W.G.T. Shedd, Calvinism: Pure and Mixed - A Defence of the Westminster Standards (1893). The quote below is a reason against revising the Westminster Confession of Faith. I have added line breaks to ease reading: 

Revision is inexpedient, because the Westminster Confession, as it now reads, is a sufficiently broad and liberal creed. We do not say that it is sufficiently broad and liberal for every man and every denomination ; but it is as broad and liberal for a Calvinist as any Calvinist should desire. For whoever professes Calvinism, professes a precise form of doctrine. He expects to keep with indefinite metes and bounds ; he is not one of those religionists who start from no premises, and come to no conclusions, and hold no tenets. The Presbyterian Church is a Calvinistic Church. 

It will be the beginning of its decline, as it already has been of some Calvinistic denominations, when it begins to swerve from this dogmatic position. It must therefore be distinguished among the Churches for doctrinal consistency, comprehensiveness, and firmness. But inside of the metes and bounds established by divine revelation, and to which it has voluntarily confined itself, it has a liberty that is as large as the kingdom of God. It cannot get outside of that kingdom, and should not desire to. 

But within it, it is as free to career as a ship in the ocean, as an eagle in the air. Yet the ship cannot sail beyond the ocean, nor the eagle fly beyond the sky. Liberty within the immeasurable bounds and limits of God's truth is the only true liberty. All else is license. The Westminster Confession, exactly as it now reads, has been the creed of as free and enlarged intellects as ever lived on earth. 
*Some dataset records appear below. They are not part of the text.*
(* Consider the LSTM system $x_{k+1}=f(x_k,u_k)$, $y_k=g(x_k)$ described in the context, augmented with an output disturbance $d\in\mathbb{R}^p$ (so the output is $g(x)+d$). If $x_{k+1}=f(x_k,u_k)$ is Incrementally Input-to-State Stable ($\delta$ISS) in the sets $\mathcal{X}$ and $\mathcal{U}$, then for every $u\in\mathcal{U}$ and every $y\in\mathbb{R}^p$ there exist unique values $x^*\in\mathcal{X}$, $d^*\in\mathbb{R}^p$ such that $x^*=f(x^*,u)$ and $y=g(x^* )+d^*$.
   Context: LSTM model: states $c,h\in\mathbb{R}^n$, input $u\in\mathbb{R}^m$, output $y\in\mathbb{R}^p$, $c_{k+1}=\sigma(W_fu_k+U_fh_k+b_f)\circ c_k+\sigma(W_iu_k+U_ih_k+b_i)\circ\tanh(W_cu_k+U_ch_k+b_c)$, $h_{k+1}=\sigma(W_ou_k+U_oh_k+b_o)\circ\tanh(c_{k+1})$, $y_k=W_yh_k+b_y$, where $\sigma$ is the logistic sigmoid, activations act elementwise, $\circ$ is the elementwise product; $x=[c^\top\ h^\top]^\top$, written $x_{k+1}=f(x_k,u_k)$, $y_k=g(x_k)$. $\delta$ISS: given $\mathcal{X}\subseteq\mathbb{R}^{2n}$ positively invariant (for every $u\in\mathcal{U}$, $x\in\mathcal{X}\Rightarrow f(x,u)\in\mathcal{X}$) and $\mathcal{U}\subseteq\mathbb{R}^m$, the system is $\delta$ISS in $\mathcal{X},\mathcal{U}$ if there exist $\beta\in\mathcal{KL}$, $\gamma\in\mathcal{K}_\infty$ such that for all $k\ge0$, all $x_{a,0},x_{b,0}\in\mathcal{X}$ and all input sequences in $\mathcal{U}$, $\|x_{a,k}-x_{b,k}\|\le\beta(\|x_{a,0}-x_{b,0}\|,k)+\gamma(\max_{0\le h<k}\|u_{a,h}-u_{b,h}\|)$.
   Formalization: The positively invariant set $\mathcal{X}$ is in addition nonempty and closed in $\mathbb{R}^{2n}$. Each condition added here is assumed in the paper as well or is needed for the statement above to hold. *)

From HB Require Import structures.
From mathcomp Require Import all_boot all_order all_algebra.
From mathcomp Require Import all_classical all_reals all_analysis.
Set Implicit Arguments. Unset Strict Implicit. Unset Printing Implicit Defensive.
Import Order.TTheory GRing.Theory Num.Theory.
Import numFieldNormedType.Exports.
Local Open Scope classical_set_scope.
Local Open Scope ring_scope.

Section LSTM.
Variable R : realType.

Definition sigmoid (z : R) : R := 1 / (1 + expR (- z)).
Definition tanhR (z : R) : R := (expR z - expR (- z)) / (expR z + expR (- z)).

Definition hprod (k : nat) (a b : 'cV[R]_k) : 'cV[R]_k :=
  \matrix_(i < k, j < 1) (a i j * b i j).

Definition enorm (k : nat) (v : 'cV[R]_k) : R :=
  Num.sqrt (\sum_(i < k) v i 0 ^+ 2).

Record lstm (n m p : nat) := Lstm {
  Wf : 'M[R]_(n, m); Uf : 'M[R]_n; bf : 'cV[R]_n;
  Wi : 'M[R]_(n, m); Ui : 'M[R]_n; bi : 'cV[R]_n;
  Wc : 'M[R]_(n, m); Uc : 'M[R]_n; bc : 'cV[R]_n;
  Wo : 'M[R]_(n, m); Uo : 'M[R]_n; bo : 'cV[R]_n;
  Wy : 'M[R]_(p, n); by_ : 'cV[R]_p }.

Variables n m p : nat.
Variable L : lstm n m p.

Definition lstm_c (x : 'cV[R]_(n + n)) : 'cV[R]_n := usubmx x.
Definition lstm_h (x : 'cV[R]_(n + n)) : 'cV[R]_n := dsubmx x.

Definition lstm_f (x : 'cV[R]_(n + n)) (u : 'cV[R]_m) : 'cV[R]_(n + n) :=
  let c := lstm_c x in let h := lstm_h x in
  let c' := hprod (map_mx sigmoid (Wf L *m u + Uf L *m h + bf L)) c
          + hprod (map_mx sigmoid (Wi L *m u + Ui L *m h + bi L))
                  (map_mx tanhR (Wc L *m u + Uc L *m h + bc L)) in
  let h' := hprod (map_mx sigmoid (Wo L *m u + Uo L *m h + bo L))
                  (map_mx tanhR c') in
  col_mx c' h'.

Definition lstm_g (x : 'cV[R]_(n + n)) : 'cV[R]_p := Wy L *m lstm_h x + by_ L.

Fixpoint lstm_traj (x0 : 'cV[R]_(n + n)) (u : nat -> 'cV[R]_m) (k : nat)
  : 'cV[R]_(n + n) :=
  match k with
  | 0 => x0
  | k'.+1 => lstm_f (lstm_traj x0 u k') (u k')
  end.

Definition pos_invariant (X : set 'cV[R]_(n + n)) (U : set 'cV[R]_m) : Prop :=
  forall x u, X x -> U u -> X (lstm_f x u).

End LSTM.

Section Comparison.
Variable R : realType.

Definition classK (a : R -> R) : Prop :=
  {within [set r : R | 0 <= r], continuous a} /\ a 0 = 0 /\
  (forall r s, 0 <= r -> r < s -> a r < a s).

Definition classKinf (a : R -> R) : Prop :=
  classK a /\ a r @[r --> +oo] --> +oo.

Definition classKL (b : R -> R -> R) : Prop :=
  (forall s, 0 <= s -> classK (fun r => b r s)) /\
  (forall r, 0 <= r ->
     (forall s t, 0 <= s -> s <= t -> b r t <= b r s) /\
     b r s @[s --> +oo] --> 0).
End Comparison.

Definition deltaISS (R : realType) (n m p : nat) (L : lstm R n m p)
  (X : set 'cV[R]_(n + n)) (U : set 'cV[R]_m) : Prop :=
  exists (beta : R -> R -> R) (gamma : R -> R),
    classKL beta /\ classKinf gamma /\
    forall (k : nat) (xa0 xb0 : 'cV[R]_(n + n)) (ua ub : nat -> 'cV[R]_m),
      X xa0 -> X xb0 -> (forall h, U (ua h)) -> (forall h, U (ub h)) ->
      enorm (lstm_traj L xa0 ua k - lstm_traj L xb0 ub k)
        <= beta (enorm (xa0 - xb0)) k%:R
           + gamma (\big[Num.max/0]_(h < k) enorm (ua h - ub h)).

From HB Require Import structures.
From mathcomp Require Import all_boot all_order all_algebra.
From mathcomp Require Import all_classical all_reals all_analysis.
From mathcomp Require Import lra.
Set Implicit Arguments. Unset Strict Implicit. Unset Printing Implicit Defensive.
Import Order.TTheory GRing.Theory Num.Theory.
Import numFieldNormedType.Exports.
Local Open Scope classical_set_scope.
Local Open Scope ring_scope.

(* With the input frozen at u, the state map F := f(., u) maps the closed set X
   into itself, and delta-ISS with equal inputs reads |F^k a - F^k b| <= beta(|a - b|, k).
   The LSTM orbit of any x0 is bounded: after one step the hidden state lies in
   [-1, 1], and the cell state is then contracted by a forget gate bounded away
   from 1, up to an additive term at most 1.  Hence
   |F^(j+K) x0 - F^K x0| <= beta(sup_j |F^j x0 - x0|, K) -> 0, the orbit is
   Cauchy, and its limit xs lies in X.  Two fixed points a, b satisfy
   |a - b| <= beta(|a - b|, k) -> 0, so xs is unique, and ds = y - g(xs) is forced. *)

Section ComparisonFunctions.
Variable R : realType.

Lemma classK_le (a : R -> R) r s : classK a -> 0 <= r -> r <= s -> a r <= a s.
Proof.
move=> [_ [_ a_incr]] r0; rewrite le_eqVlt => /predU1P[-> //|rs].
exact/ltW/a_incr.
Qed.

Lemma classK_cvg0 (a : R -> R) (r : nat -> R) :
  classK a -> (forall k, 0 <= r k) -> r @ \oo --> 0 -> a (r k) @[k --> \oo] --> 0.
Proof.
move=> [a_cont [a0 _]] r_ge0 r_cvg0; apply/cvgrPdist_lt => e e0.
have := proj1 (subspace_continuousP _ _) a_cont 0 (lexx 0).
rewrite /from_subspace a0 => /cvgrPdist_lt/(_ e e0) near_a.
have : \forall k \near \oo, 0 <= r k -> `|0 - a (r k)| < e := r_cvg0 _ near_a.
by apply: filterS => k; apply; apply: r_ge0.
Qed.

Lemma classKL_cvg0 (b : R -> R -> R) r :
  classKL b -> 0 <= r -> b r k%:R @[k --> \oo] --> 0.
Proof. by move=> [_ b_decr] r0; apply: cvg_comp cvgr_idn (proj2 (b_decr r r0)). Qed.

End ComparisonFunctions.

Section IncrementallyStableMap.
Variables (R : realType) (V : completeNormedModType R).
Variables (F : V -> V) (X : set V) (nu : V -> R) (C : R) (beta : R -> R -> R).
Hypothesis F_X : forall x, X x -> X (F x).
Hypothesis normr_le_nu : forall v, `|v| <= nu v.
Hypothesis C_ge0 : 0 <= C.
Hypothesis nu_le_normr : forall v, nu v <= C * `|v|.
Hypothesis beta_KL : classKL beta.
Hypothesis F_stable : forall k xa xb, X xa -> X xb ->
  nu (iter k F xa - iter k F xb) <= beta (nu (xa - xb)) k%:R.

Let nu_ge0 v : 0 <= nu v. Proof. exact: le_trans (normr_ge0 v) (normr_le_nu v). Qed.

Lemma iter_in k x : X x -> X (iter k F x).
Proof. by move=> Xx; elim: k => //= k; apply: F_X. Qed.

Lemma stable_fixpoint_unique a b : X a -> X b -> F a = a -> F b = b -> a = b.
Proof.
move=> Xa Xb Fa Fb; apply/eqP; rewrite -subr_eq0 -normr_le0.
apply: le_trans (normr_le_nu _) _.
have beta_cvg0 := classKL_cvg0 beta_KL (nu_ge0 (a - b)).
rewrite -(cvg_lim _ beta_cvg0) //; apply: limr_ge; first exact: cvgP beta_cvg0.
by near=> k; rewrite -{1}(iter_fix k Fa) -{1}(iter_fix k Fb); apply: F_stable.
Unshelve. all: by end_near.
Qed.

Lemma stable_orbit_cvg x0 M : X x0 -> (forall k, `|iter k F x0| <= M) ->
  cvg (iter k F x0 @[k --> \oo]).
Proof.
move=> Xx0 orbitM; pose B := C * (`|x0| + M).
have nuB j : nu (x0 - iter j F x0) <= B.
  by apply: le_trans (nu_le_normr _) _; rewrite ler_wpM2l // (le_trans (ler_normB _ _)) ?lerD.
apply/cauchy_cvgP/cauchy_exP => e e0.
have /cvgrPdist_lt/(_ e e0)[K _ betaK] :=
  classKL_cvg0 beta_KL (le_trans (nu_ge0 _) (nuB 0%N)).
exists (iter K F x0); exists K => // k /= Kk.
rewrite -ball_normE /ball_ /= -(subnKC Kk) iterD.
apply: le_lt_trans (normr_le_nu _) (le_lt_trans (F_stable _ Xx0 (iter_in _ Xx0)) _).
apply: le_lt_trans (classK_le (proj1 beta_KL _ (ler0n _ K)) (nu_ge0 _) (nuB _)) _.
by have := betaK K (leqnn K); rewrite /= sub0r normrN; apply: le_lt_trans (ler_norm _).
Qed.

(* F need not be continuous: the one-step bound beta(., 1), continuous at 0, replaces it. *)
Lemma stable_limit_fixpoint x0 xs : X x0 -> X xs ->
  iter k F x0 @[k --> \oo] --> xs -> F xs = xs.
Proof.
move=> Xx0 Xxs orbit_xs.
have nu_cvg0 : nu (xs - iter k F x0) @[k --> \oo] --> 0.
  apply: (@squeeze_cvgr _ _ _ _ (fun=> 0) (fun k => C * `|xs - iter k F x0|)).
  - by near=> k; rewrite nu_ge0 nu_le_normr.
  - exact: cvg_cst.
  rewrite -(mulr0 C); apply: cvgMr; rewrite -(normr0 V) -(subrr xs).
  exact: (cvg_norm (cvgB (cvg_cst xs) orbit_xs)).
have orbitS_Fxs : iter k.+1 F x0 @[k --> \oo] --> F xs.
  apply/cvgrPdist_le => e e0.
  have /cvgrPdist_le/(_ e e0) :=
    classK_cvg0 (proj1 beta_KL _ (ler0n _ 1)) (fun k => nu_ge0 _) nu_cvg0.
  apply: filterS => k; rewrite sub0r normrN; apply: le_trans.
  apply: le_trans (normr_le_nu _) (le_trans (F_stable 1 Xxs (iter_in k Xx0)) _).
  exact: ler_norm.
apply: (norm_cvg_unique orbitS_Fxs); move: orbit_xs; rewrite -cvg_shiftS; exact.
Unshelve. all: by end_near.
Qed.

Lemma stable_fixpoint_exists x0 M : closed X -> X x0 ->
  (forall k, `|iter k F x0| <= M) -> exists2 xs, X xs & F xs = xs.
Proof.
move=> X_closed Xx0 orbitM; have orbit_cvg := stable_orbit_cvg Xx0 orbitM.
have Xlim : X (lim (iter k F x0 @[k --> \oo])).
  by apply: closed_cvg X_closed _ _ orbit_cvg; near=> k; apply: iter_in.
exists (lim (iter k F x0 @[k --> \oo])) => //.
exact: stable_limit_fixpoint Xx0 Xlim orbit_cvg.
Unshelve. all: by end_near.
Qed.

End IncrementallyStableMap.

(* Matrices already carry both a normed-module and a complete-space structure;
   this declares their join. *)
HB.instance Definition _ (R : realType) (a b : nat) := Complete.on 'M[R]_(a, b).

Section MatrixNorm.
Variable R : realDomainType.

Lemma mx_norm_entry_le a b (A : 'M[R]_(a, b)) i j : `|A i j| <= `|A|.
Proof.
rewrite [leRHS]/Num.Def.normr /= mx_normrE.
exact: (le_bigmax _ (fun ij : 'I_a * 'I_b => `|A ij.1 ij.2|) (i, j)).
Qed.

Lemma mx_norm_le a b (A : 'M[R]_(a, b)) c :
  0 <= c -> (forall i j, `|A i j| <= c) -> `|A| <= c.
Proof.
move=> c0 Ac; rewrite [leLHS]/Num.Def.normr /= mx_normrE.
by apply: bigmax_le => // -[i j] _; apply: Ac.
Qed.

Lemma mx_norm_mulmx_entry_le a b c (A : 'M[R]_(a, b)) (B : 'M[R]_(b, c)) i j :
  `|(A *m B) i j| <= b%:R * (`|A| * `|B|).
Proof.
rewrite mxE; apply: le_trans (ler_norm_sum _ _ _) _.
rewrite mulr_natl -[X in _ *+ X]card_ord -sumr_const; apply: ler_sum => k _.
by rewrite normrM ler_pM ?mx_norm_entry_le.
Qed.

Lemma mx_norm_col_le a1 a2 b (A : 'M[R]_(a1 + a2, b)) :
  `|A| <= Num.max `|usubmx A| `|dsubmx A|.
Proof.
apply: mx_norm_le => [|i j]; first by rewrite le_max normr_ge0.
rewrite le_max; case: (splitP i) => k ik.
  rewrite (_ : i = lshift a2 k); last exact: val_inj.
  by have := mx_norm_entry_le (usubmx A) k j; rewrite mxE => ->.
rewrite (_ : i = rshift a1 k); last exact: val_inj.
by have := mx_norm_entry_le (dsubmx A) k j; rewrite mxE => ->; rewrite orbT.
Qed.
The substance of it was the strong and fertile root of the two freest movements in modern history: that of the Protestant Reformation and that of Republican Government. No Presbyterian should complain that the creed of his Church is narrow and stifling.​

Reactions: Like 2


----------



## Henry Hall (Jan 25, 2020)

This highlights the spurious nature of “Reformed Baptist.”


----------